Thanks, ill look into this in the debugger a bit later!
Ok i think i have found the issue and have a fix; was able to reproduce in a minimal acceptance test case.
Hello,
I am using Thanos 0.32.5.
Issue: It was noticed flaky issue, that Thanos always exposing external_label when executing queries.
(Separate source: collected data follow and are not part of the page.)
Lemma pairing_sig a b (x y : word) :
  pairing (map (sig a b) x) y = pairing x (map (sig a b) y).
Proof.
rewrite -[in RHS](pairing_perm (tperm a b)) -!map_comp.
have -> : [seq (permL (tperm a b) \o sig a b) z | z <- y] = y.
  by rewrite -[RHS]map_id; apply: eq_map => z /=; rewrite -sig_permL sigK.
by congr pairing; apply: eq_map.
Qed.

(* The induction step for symmetry: expanding the last letter of both words,
   the two cross terms agree by the induction hypothesis (used twice) and the
   two leading terms agree because x_l pairs with x_m only when l, m name the
   same transposition. *)
Lemma pairing_sym_step k :
  (forall u v : word, (size u <= k)%N -> pairing u v = pairing v u) ->
  forall u v : word, (size u <= k.+1)%N -> pairing u v = pairing v u.
Proof.
move=> IH u v hu.
have [e|ne] := eqVneq (size u) (size v); last by rewrite !pairing_size // eq_sym.
case/lastP: u hu e => [|u l] hu e; first by rewrite pairing_nil_r.
case/lastP: v e => [|v m] e; first by rewrite pairing_nil_r.
have hu' : (size u <= k)%N by rewrite size_rcons in hu.
have hv' : (size v <= k)%N by move: e hu; rewrite !size_rcons => -[<-].
rewrite !pairing_rcons !dDelta_rcons.
rewrite (dDelta_ext _ _ _ (fun s => IH _ _ hu')).
rewrite [in RHS](dDelta_ext _ _ _ (fun s => IH _ _ hv')).
under dDelta_ext => s do rewrite pairing_rcons.
under [in RHS]dDelta_ext => s do rewrite pairing_rcons.
rewrite dDelta_swap ev_sym -surjective_pairing; congr (_ + _); last first.
  apply: dDelta_ext => t; apply: dDelta_ext_size => s es.
  by apply: IH; move: hv'; rewrite -es; exact: ltnW.
have [z|nz] := eqVneq (ev m.1 m.2 l) 0; first by rewrite z !mul0r.
by rewrite IH // pairing_sig (eq_map (sig_ev_neq0 nz)).
Qed.

Lemma pairing_sym (u v : word) : pairing u v = pairing v u.
Proof.
have: forall k u v, (size u <= k)%N -> pairing u v = pairing v u.
  elim=> [|k IH] {}u {}v; last exact: pairing_sym_step.
  by rewrite leqn0 => /nilP ->; rewrite pairing_nil_r.
by apply; exact: leqnn.
Qed.

(* Expanding the first letter of the second argument produces nabla. *)
Lemma pairing_cons_r (v : word) (l : letter) (X : word) :
  pairing v (l :: X) = lin (fun w => pairing w X) (nab_rword l.1 l.2 (rev v)).
Proof.
elim/last_ind: v l X => [|v m IH] l X; first by rewrite /lin big_nil.
rewrite pairing_rcons /= rev_rcons /= /lin big_cons big_map revK /=.
rewrite (ev_sym m.1) -surjective_pairing; congr (_ + _).
rewrite (dDelta_ext _ _ _ (fun s => IH (sig m.1 m.2 l) s)).
rewrite /lin (dDelta_sum _ _ _ (fun x => x.1) (fun x s => pairing x.2 s)).
by apply: eq_bigr => x _; rewrite pairing_rcons.
Qed.

Lemma dNablaW_counit u v : dNablaW u counit v = pairing u v.
Proof.
rewrite pairing_sym; elim: u v => [|l u IH] v; first by rewrite pairing_nil_r.
by rewrite /= /dNabla (lin_ext _ IH) pairing_cons_r.
Qed.

Lemma dDelta_diag (a : 'I_n) phi (w : word) : dDelta a a phi w = 0.
Proof. by elim: w phi => [|m t IH] phi //=; rewrite /ev eqxx mul0r add0r IH. Qed.

Lemma dDelta_anti (a b : 'I_n) phi (w : word) : dDelta b a phi w = - dDelta a b phi w.
Proof.
elim: w phi => [|m t IH] phi /=; first by rewrite oppr0.
by rewrite ev_anti /sig tpermC IH opprD mulNr.
Qed.

Lemma dDelta2 (a b c d : 'I_n) phi (m : letter) (t : word) :
  dDelta a b (dDelta c d phi) (m :: t) =
  ev a b m * dDelta c d phi t + ev c d (sig a b m) * dDelta a b phi t +
  dDelta a b (dDelta c d (fun s => phi (sig c d (sig a b m) :: s))) t.
Proof. by rewrite /= dDelta_lin addrA. Qed.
But it randomly giving external_label or internal_label value when labels key is the same when querieng api/v1/series.
Here is prometheus output:
And after application external_label, the new label cluster shows in thanos:
But when I am querieng api/v1/series endpoint, it randomly gives value of cluster:
{ "status": "success", "data": [ { "__name__": "collectd_collectd_queue_length", "cassandra_datastax_com_cluster": "cassandra", "cassandra_datastax_com_datacenter": "dc1", "cluster": "cassandra", "collectd": "write_queue", "container": "cassandra", "dc": "dc1", "endpoint": "prometheus", "exported_instance": "10.2.150.192", "instance": "10.2.150.192:9103", "job": "cassandra-dc1-all-pods-service", "namespace": "cit1-core", "pod": "cassandra-dc1-r2-sts-0", "prometheus": "monitoring/kube-prometheus-stack-prometheus", "prometheus_replica": "prometheus-kube-prometheus-stack-prometheus-0", "rack": "r2", "service": "cassandra-dc1-all-pods-service" }, { "__name__": "collectd_collectd_queue_length", "cassandra_datastax_com_cluster": "cassandra", "cassandra_datastax_com_datacenter": "dc1", "cluster": "cassandra", "collectd": "write_queue", "container": "cassandra", "dc": "dc1", "endpoint": "prometheus", "exported_instance": "10.2.151.7", "instance": "10.2.151.7:9103", "job": "cassandra-dc1-all-pods-service", "namespace": "cit1-core", "pod": "cassandra-dc1-r3-sts-0", "prometheus": "monitoring/kube-prometheus-stack-prometheus", "prometheus_replica": "prometheus-kube-prometheus-stack-prometheus-0", "rack": "r3", "service": "cassandra-dc1-all-pods-service" } ] }
Expected: Any api call should prioritise external_label and return it as a result of request.
Possible solution: The current solution is to rename internal label in scrape config. But mostly we are using configs via helm out of the box. Meaning, we do not set configs. Therefore, there is a chance external label match some random label from some random metric. Since that, this is worth to fix discrepancy. Series api endpoint is used by Grafana.